* Problem description *
Reproduce each record exactly, leaving nothing out.

Saved entries
=== Begin Enclosure ===

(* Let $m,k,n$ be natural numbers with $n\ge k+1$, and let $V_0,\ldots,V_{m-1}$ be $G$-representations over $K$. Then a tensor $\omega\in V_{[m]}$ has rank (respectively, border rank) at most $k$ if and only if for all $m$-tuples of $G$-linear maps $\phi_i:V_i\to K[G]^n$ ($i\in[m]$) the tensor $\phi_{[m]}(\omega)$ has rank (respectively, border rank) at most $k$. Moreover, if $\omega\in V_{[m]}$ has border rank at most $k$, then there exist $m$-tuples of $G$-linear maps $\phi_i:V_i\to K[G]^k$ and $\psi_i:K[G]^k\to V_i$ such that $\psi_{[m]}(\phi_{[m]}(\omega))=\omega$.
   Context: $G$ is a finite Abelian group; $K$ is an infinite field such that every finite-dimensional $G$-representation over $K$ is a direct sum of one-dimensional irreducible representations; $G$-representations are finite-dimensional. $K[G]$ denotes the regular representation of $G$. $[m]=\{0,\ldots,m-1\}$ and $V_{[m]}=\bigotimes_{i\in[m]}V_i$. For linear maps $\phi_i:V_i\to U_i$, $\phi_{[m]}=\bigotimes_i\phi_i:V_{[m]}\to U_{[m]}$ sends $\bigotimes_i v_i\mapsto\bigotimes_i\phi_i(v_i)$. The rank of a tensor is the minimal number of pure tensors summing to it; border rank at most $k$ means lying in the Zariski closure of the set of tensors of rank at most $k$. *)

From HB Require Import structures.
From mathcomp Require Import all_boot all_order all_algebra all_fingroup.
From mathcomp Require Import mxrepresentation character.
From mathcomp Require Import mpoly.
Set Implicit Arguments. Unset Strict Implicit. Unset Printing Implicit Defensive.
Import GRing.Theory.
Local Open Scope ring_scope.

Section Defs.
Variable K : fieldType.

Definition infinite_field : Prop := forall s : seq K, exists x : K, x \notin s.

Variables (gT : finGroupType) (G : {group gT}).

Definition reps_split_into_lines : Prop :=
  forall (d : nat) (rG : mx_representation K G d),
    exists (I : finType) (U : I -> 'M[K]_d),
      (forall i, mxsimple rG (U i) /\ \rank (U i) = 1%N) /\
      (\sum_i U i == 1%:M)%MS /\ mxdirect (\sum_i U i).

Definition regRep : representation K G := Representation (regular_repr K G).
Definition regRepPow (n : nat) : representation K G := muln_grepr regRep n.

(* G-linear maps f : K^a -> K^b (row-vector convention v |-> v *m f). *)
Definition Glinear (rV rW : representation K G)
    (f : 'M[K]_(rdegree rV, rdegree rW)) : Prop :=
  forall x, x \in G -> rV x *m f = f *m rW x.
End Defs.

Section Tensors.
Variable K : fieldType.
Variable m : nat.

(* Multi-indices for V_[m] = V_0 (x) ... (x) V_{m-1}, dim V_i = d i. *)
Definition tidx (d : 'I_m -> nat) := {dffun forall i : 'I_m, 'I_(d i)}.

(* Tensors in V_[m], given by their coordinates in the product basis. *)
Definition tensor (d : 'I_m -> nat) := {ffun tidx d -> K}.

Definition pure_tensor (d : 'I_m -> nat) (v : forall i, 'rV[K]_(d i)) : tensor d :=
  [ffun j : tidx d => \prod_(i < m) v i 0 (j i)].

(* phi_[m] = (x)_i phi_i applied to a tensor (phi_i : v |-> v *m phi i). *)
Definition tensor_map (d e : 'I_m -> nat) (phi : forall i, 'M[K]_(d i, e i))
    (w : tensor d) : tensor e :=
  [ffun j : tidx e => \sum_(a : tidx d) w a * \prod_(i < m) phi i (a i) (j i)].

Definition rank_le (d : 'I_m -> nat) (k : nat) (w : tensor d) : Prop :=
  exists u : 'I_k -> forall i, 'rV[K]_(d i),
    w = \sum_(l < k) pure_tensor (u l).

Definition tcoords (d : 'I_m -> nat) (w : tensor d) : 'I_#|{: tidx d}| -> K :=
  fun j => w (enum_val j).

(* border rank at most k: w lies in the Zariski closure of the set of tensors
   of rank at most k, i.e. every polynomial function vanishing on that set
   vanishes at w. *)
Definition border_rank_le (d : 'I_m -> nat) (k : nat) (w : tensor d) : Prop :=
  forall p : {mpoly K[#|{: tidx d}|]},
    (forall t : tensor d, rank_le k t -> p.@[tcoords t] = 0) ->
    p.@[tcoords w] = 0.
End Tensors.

=== End Enclosure ===

* Response area *
(* Let $m,k,n$ be natural numbers with $n\ge k+1$, and let $V_0,\ldots,V_{m-1}$ be $G$-representations over $K$. Then a tensor $\omega\in V_{[m]}$ has rank (respectively, border rank) at most $k$ if and only if for all $m$-tuples of $G$-linear maps $\phi_i:V_i\to K[G]^n$ ($i\in[m]$) the tensor $\phi_{[m]}(\omega)$ has rank (respectively, border rank) at most $k$. Moreover, if $\omega\in V_{[m]}$ has border rank at most $k$, then there exist $m$-tuples of $G$-linear maps $\phi_i:V_i\to K[G]^k$ and $\psi_i:K[G]^k\to V_i$ such that $\psi_{[m]}(\phi_{[m]}(\omega))=\omega$.
   Context: $G$ is a finite Abelian group; $K$ is an infinite field such that every finite-dimensional $G$-representation over $K$ is a direct sum of one-dimensional irreducible representations; $G$-representations are finite-dimensional. $K[G]$ denotes the regular representation of $G$. $[m]=\{0,\ldots,m-1\}$ and $V_{[m]}=\bigotimes_{i\in[m]}V_i$. For linear maps $\phi_i:V_i\to U_i$, $\phi_{[m]}=\bigotimes_i\phi_i:V_{[m]}\to U_{[m]}$ sends $\bigotimes_i v_i\mapsto\bigotimes_i\phi_i(v_i)$. The rank of a tensor is the minimal number of pure tensors summing to it; border rank at most $k$ means lying in the Zariski closure of the set of tensors of rank at most $k$. *)

From HB Require Import structures.
From mathcomp Require Import all_boot all_order all_algebra all_fingroup.
From mathcomp Require Import mxrepresentation character.
From mathcomp Require Import mpoly.
Set Implicit Arguments. Unset Strict Implicit. Unset Printing Implicit Defensive.
Import GRing.Theory.
Local Open Scope ring_scope.

Section Defs.
Variable K : fieldType.

Definition infinite_field : Prop := forall s : seq K, exists x : K, x \notin s.

Variables (gT : finGroupType) (G : {group gT}).

Definition reps_split_into_lines : Prop :=
  forall (d : nat) (rG : mx_representation K G d),
    exists (I : finType) (U : I -> 'M[K]_d),
      (forall i, mxsimple rG (U i) /\ \rank (U i) = 1%N) /\
      (\sum_i U i == 1%:M)%MS /\ mxdirect (\sum_i U i).

Definition regRep : representation K G := Representation (regular_repr K G).
Definition regRepPow (n : nat) : representation K G := muln_grepr regRep n.

(* G-linear maps f : K^a -> K^b (row-vector convention v |-> v *m f). *)
Definition Glinear (rV rW : representation K G)
    (f : 'M[K]_(rdegree rV, rdegree rW)) : Prop :=
  forall x, x \in G -> rV x *m f = f *m rW x.
End Defs.

Section Tensors.
Variable K : fieldType.
Variable m : nat.

(* Multi-indices for V_[m] = V_0 (x) ... (x) V_{m-1}, dim V_i = d i. *)
Definition tidx (d : 'I_m -> nat) := {dffun forall i : 'I_m, 'I_(d i)}.

(* Tensors in V_[m], given by their coordinates in the product basis. *)
Definition tensor (d : 'I_m -> nat) := {ffun tidx d -> K}.

Definition pure_tensor (d : 'I_m -> nat) (v : forall i, 'rV[K]_(d i)) : tensor d :=
  [ffun j : tidx d => \prod_(i < m) v i 0 (j i)].

(* phi_[m] = (x)_i phi_i applied to a tensor (phi_i : v |-> v *m phi i). *)
Definition tensor_map (d e : 'I_m -> nat) (phi : forall i, 'M[K]_(d i, e i))
    (w : tensor d) : tensor e :=
  [ffun j : tidx e => \sum_(a : tidx d) w a * \prod_(i < m) phi i (a i) (j i)].

Definition rank_le (d : 'I_m -> nat) (k : nat) (w : tensor d) : Prop :=
  exists u : 'I_k -> forall i, 'rV[K]_(d i),
    w = \sum_(l < k) pure_tensor (u l).

Definition tcoords (d : 'I_m -> nat) (w : tensor d) : 'I_#|{: tidx d}| -> K :=
  fun j => w (enum_val j).

(* border rank at most k: w lies in the Zariski closure of the set of tensors
   of rank at most k, i.e. every polynomial function vanishing on that set
   vanishes at w. *)
Definition border_rank_le (d : 'I_m -> nat) (k : nat) (w : tensor d) : Prop :=
  forall p : {mpoly K[#|{: tidx d}|]},
    (forall t : tensor d, rank_le k t -> p.@[tcoords t] = 0) ->
    p.@[tcoords w] = 0.
End Tensors.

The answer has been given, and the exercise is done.